On one hand, fake followers can be used to harass, or compromise the credibility of, legitimate accounts. On the other, they can boost the popularity of fake accounts, making them appear more credible than they are. The researchers gave a talk at Black Hat USA discussing how a botnet spoofed legitimate accounts to evade detection and spread a cryptocurrency scam.
Spot the Bots
It's tough to tell when a follower is fake, and researchers explain more information is better when analyzing accounts. In general, fake followers are hard to detect on an individual level because they don't show much activity – aside from, of course, following other accounts.
But a lack of activity doesn't mean an account is malicious. Some people create Twitter accounts simply to follow other users and stay current on the news, Anise explains.
So instead of hunting fake followers on an individual basis, the researchers decided to consider their full social networks. Fake followers are typically purchased and used as groups; as a result, they tend to share characteristics because they are developed by the same operator.
But which traits set fake followers apart from real ones? After Anise and Wright wrapped their initial pool of research, the botnet they were watching began to use fake followers to trick people into thinking spoofed Twitter accounts were real. They took a closer look at the followers of a fake Elon Musk Twitter profile and explored their similarities.
"One thing that we saw was, [they were] pretty easy to identify," says Anise of the fake followers. "These bots weren't really trying to hide … if you notice patterns or have a similar account, you can use it to pivot and find other bot accounts."
Timing is one key factor. If a large group of accounts suddenly follows the same profile, for example, there's a higher likelihood they're fraudulent.

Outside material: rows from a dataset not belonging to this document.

Lemma sum3_is_gen x y w : is_gen (g x + g y) -> is_gen (g x + g w) -> y != w ->
  g x + g y + g w != 0 -> is_gen (g x + g y + g w).
Proof.
move=> [z xyz] [v xwv] yw; rewrite -xyz.
have zwyv : g z + g w = g y + g v by rewrite xyz xwv addrCA addrA.
case: (sum2_cases z w) => [-> | // | [s sC [sz sw]]]; first by rewrite eqxx.
case: (sum_cone_eq sC sz sw (esym zwyv)) => [yz | ywe]; last by rewrite ywe eqxx in yw.
by move: xyz; rewrite yz => /esym/eqP; rewrite (negbTE (gen_addl_neq x z)).
Qed.

Lemma shift_gen x y w : is_gen (g x + g y) -> is_gen (g x + g w) -> y != w ->
  g x + g y + g w != 0 ->
  exists w', [/\ g w' = g w + (g x + g y), is_gen (g x + g w'), y != w'
               & g x + g y + g w' != 0].
Proof.
move=> xy_gen [v xwv] yw S0.
have [t txyw] := sum3_is_gen xy_gen (ex_intro _ v xwv) yw S0.
have xv : x != v by apply/eqP => xv; have := gen_addl_neq w x; rewrite addrC -xwv xv eqxx.
have yvt : g t = g y + g v by rewrite txyw xwv addrCA addrA.
have yxv_xt : g y + g x + g v = g x + g t by rewrite (addrC (g y)) -addrA yvt.
have yx_gen : is_gen (g y + g x) by rewrite addrC.
have yv_gen : is_gen (g y + g v) by exists t.
have yxv_neq0 : g y + g x + g v != 0 by rewrite yxv_xt (sum3_addl_neq0 yw txyw).
have [t' t'yxv] := sum3_is_gen yx_gen yv_gen xv yxv_neq0.
exists t; split.
- by rewrite txyw addrC.
- by exists t'; rewrite t'yxv yxv_xt.
- by apply/eqP => yt; have := gen_addl_neq v y; rewrite xwv addrAC -txyw yt eqxx.
- have -> : g x + g y + g t = g y + g t' by rewrite t'yxv yxv_xt addrA (addrC (g y)).
  exact: sum3_addl_neq0 xv t'yxv.
Qed.

Lemma sum3_eq0 x y w : is_gen (g x + g y) -> is_gen (g x + g w) -> y != w ->
  g x + g y + g w = 0.
Proof.
move=> xy_gen xw_gen yw; apply/eqP; apply: contraT => S0; have [z xyz] := xy_gen.
have orbit m : exists w', g w' = g w + g z *+ m /\
    [/\ is_gen (g x + g w'), y != w' & g x + g y + g w' != 0].
  elim: m => [|m [w' [w'E [xw'_gen yw' S'0]]]]; first by exists w; rewrite addr0.
  have [w'' [w''E xw''_gen yw'' S''0]] := shift_gen xy_gen xw'_gen yw' S'0.
  by exists w''; split; rewrite // w''E w'E -xyz mulrSr addrA.
have [f orbit_f] := fin_all_exists (fun m : 'I_#|T|.+1 => orbit m).
have f_inj : injective f.
  move=> i j fij; apply/ord_inj/(mulrIn_row (gen_neq0 fan z))/(@addrI _ (g w)).
  by rewrite -(orbit_f i).1 -(orbit_f j).1 fij.
by have := leq_card f f_inj; rewrite card_ord ltnn.
Qed.

End Fano.

Lemma card2_set2 (T : finType) (P : {set T}) x :
  x \in P -> #|P| = 2%N -> exists y, P = [set x; y].
Proof.
move=> xP /eqP/cards2P [a [b [_ Pab]]]; move: xP; rewrite Pab !inE.
by case/orP => /eqP ->; [exists b | exists a; rewrite setUC].
Qed.

Section PrimitiveRelations.
Variables (n : nat) (T : finType) (g : T -> 'rV[int]_n) (C : {set {set T}}).
Hypothesis fano : toric_fano g C.
Let fan : smooth_complete_fan g C := fano.1.

Lemma prim_rel2_sum x y z : prim_rel2 g C x y z -> g x + g y = g z.
Proof.
move=> [[xy_notC _] _ _]; rewrite big_set1 scale1r => <-.
have xy : x != y by apply: contraNneq xy_notC => ->; rewrite setUid (cone_set1 fan).
by rewrite big_setU1 ?inE // big_set1.
Qed.

Lemma prim_rel2_pair x y z w v : prim_rel2 g C x y z -> prim_rel2 g C x w v ->
  y != w -> g w = - g x - g y /\ g v = - g y.
Proof.
move=> xyz xwv yw; have gen_sum a b c : prim_rel2 g C a b c -> is_gen g (g a + g b).
  by move/prim_rel2_sum => abc; exists c.
have /eqP := sum3_eq0 fano (gen_sum _ _ _ xyz) (gen_sum _ _ _ xwv) yw.
rewrite addrC addr_eq0 => /eqP gw.
by rewrite -(prim_rel2_sum xwv) gw opprD addNKr.
Qed.

Lemma prim_deg1_rel2 x y :
  prim_coll_ord2_deg1 g C [set x; y] -> exists z, prim_rel2 g C x y z.
Proof.
move=> [card2 [t [a [[prim tC a_gt0 sum_a] deg1]]]].
have /eqP/sum_nat_eq1 [z [zt az1 a0]] : (\sum_(j in t) a j = 1)%N.
  by move: deg1; rewrite /prim_degree card2; lia.
have tz : t = [set z].
  apply/setP => j; rewrite inE; apply/idP/eqP => [jt | -> //].
  by apply/eqP; apply: contraTT (a_gt0 j jt) => jz; rewrite a0.
exists z; split=> //; first by rewrite -tz.
by rewrite sum_a tz !big_set1 az1.
Qed.

Lemma prim_deg1_pair_eq x y1 y2 y3 :
  prim_coll_ord2_deg1 g C [set x; y1] -> prim_coll_ord2_deg1 g C [set x; y2] ->
  prim_coll_ord2_deg1 g C [set x; y3] -> [\/ y1 = y2, y1 = y3 | y2 = y3].
Proof.
move=> /prim_deg1_rel2 [z1 r1] /prim_deg1_rel2 [z2 r2] /prim_deg1_rel2 [z3 r3].
case: (eqVneq y1 y2) => [|y12]; first by constructor 1.
case: (eqVneq y1 y3) => [|y13]; first by constructor 2.
have [g2 _] := prim_rel2_pair r1 r2 y12; have [g3 _] := prim_rel2_pair r1 r3 y13.
by constructor 3; apply: (gen_inj fan); rewrite g2 g3.
Qed.

End PrimitiveRelations.

Theorem lemma2p3 (n : nat) (T : finType) (g : T -> 'rV[int]_n)
  (C : {set {set T}}) :
  toric_fano g C ->
  (forall x y z w v : T,
     prim_rel2 g C x y z -> prim_rel2 g C x w v -> y != w ->
     g w = - g x - g y /\ g v = - g y) /\
  (forall (x : T) (P1 P2 P3 : {set T}),
     x \in P1 -> x \in P2 -> x \in P3 ->
     prim_coll_ord2_deg1 g C P1 -> prim_coll_ord2_deg1 g C P2 ->
     prim_coll_ord2_deg1 g C P3 ->
     [\/ P1 = P2, P1 = P3 | P2 = P3]) /\
  (forall x y w : T, y != w ->
     prim_coll_ord2_deg1 g C [set x; y] -> prim_coll_ord2_deg1 g C [set x; w] ->
     (exists2 u, g u = - g w & prim_rel2 g C x y u) /\
     (exists2 u, g u = - g y & prim_rel2 g C x w u)).
Proof.
move=> fano; split; first exact: prim_rel2_pair.
split=> [x P1 P2 P3 xP1 xP2 xP3 d1 d2 d3 | x y w yw d1 d2].
  have [y1 P1E] := card2_set2 xP1 d1.1; have [y2 P2E] := card2_set2 xP2 d2.1.
  have [y3 P3E] := card2_set2 xP3 d3.1; rewrite P1E P2E P3E in d1 d2 d3 *.
  by case: (prim_deg1_pair_eq fano d1 d2 d3) => ->; constructor.
have [[z xyz] [v xwv]] := (prim_deg1_rel2 d1, prim_deg1_rel2 d2).
have [gw gv] := prim_rel2_pair fano xyz xwv yw.
split; [exists z => // | by exists v].
by rewrite gw opprD !opprK (prim_rel2_sum fano xyz).
Qed.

Accounts following the fake Elon Musk profile had a proverb or fortune in their profile description – a quick and easy means of bypassing spam detection. Profile completion is an easy way to determine the quality of a bot; if an account has a profile, it appears to be real. However, creating unique profiles is harder than generating random usernames.
With this in mind, the researchers could separate these bots from legitimate followers. Because they were studying the fake accounts as a group, they could observe whether similar accounts had similar behaviors. Once they found a small group of fake followers, they could branch outside that network and look for other fake accounts with similar traits.
How to Crawl for Followers
Anise and Wright uncovered the botnet with a "one-degree crawl" of a single fake follower. They found a fake account and looked at their social network, as well as the social network for each account the fake follower was following. They then applied a script to search the social network for a specific account. The result is a web of fake and legitimate profiles, connecting which fake accounts are following legitimate ones.
While it's a good start, not every bot in a botnet will follow the same people, meaning the researchers may not have caught entire groups of fake followers. To find new ones, Anise explains, they can use a bot found during their initial crawl and search its network for new fake followers. After doing this, they uncovered an additional 1,200 bots.
The two point out that large groups of fake followers have patterns that are easier to recognize; smaller groups, in contrast, may be more subtle. To find smaller groups of fake accounts, the researchers first determined when multiple accounts were created on the same day and consecutively followed a target account.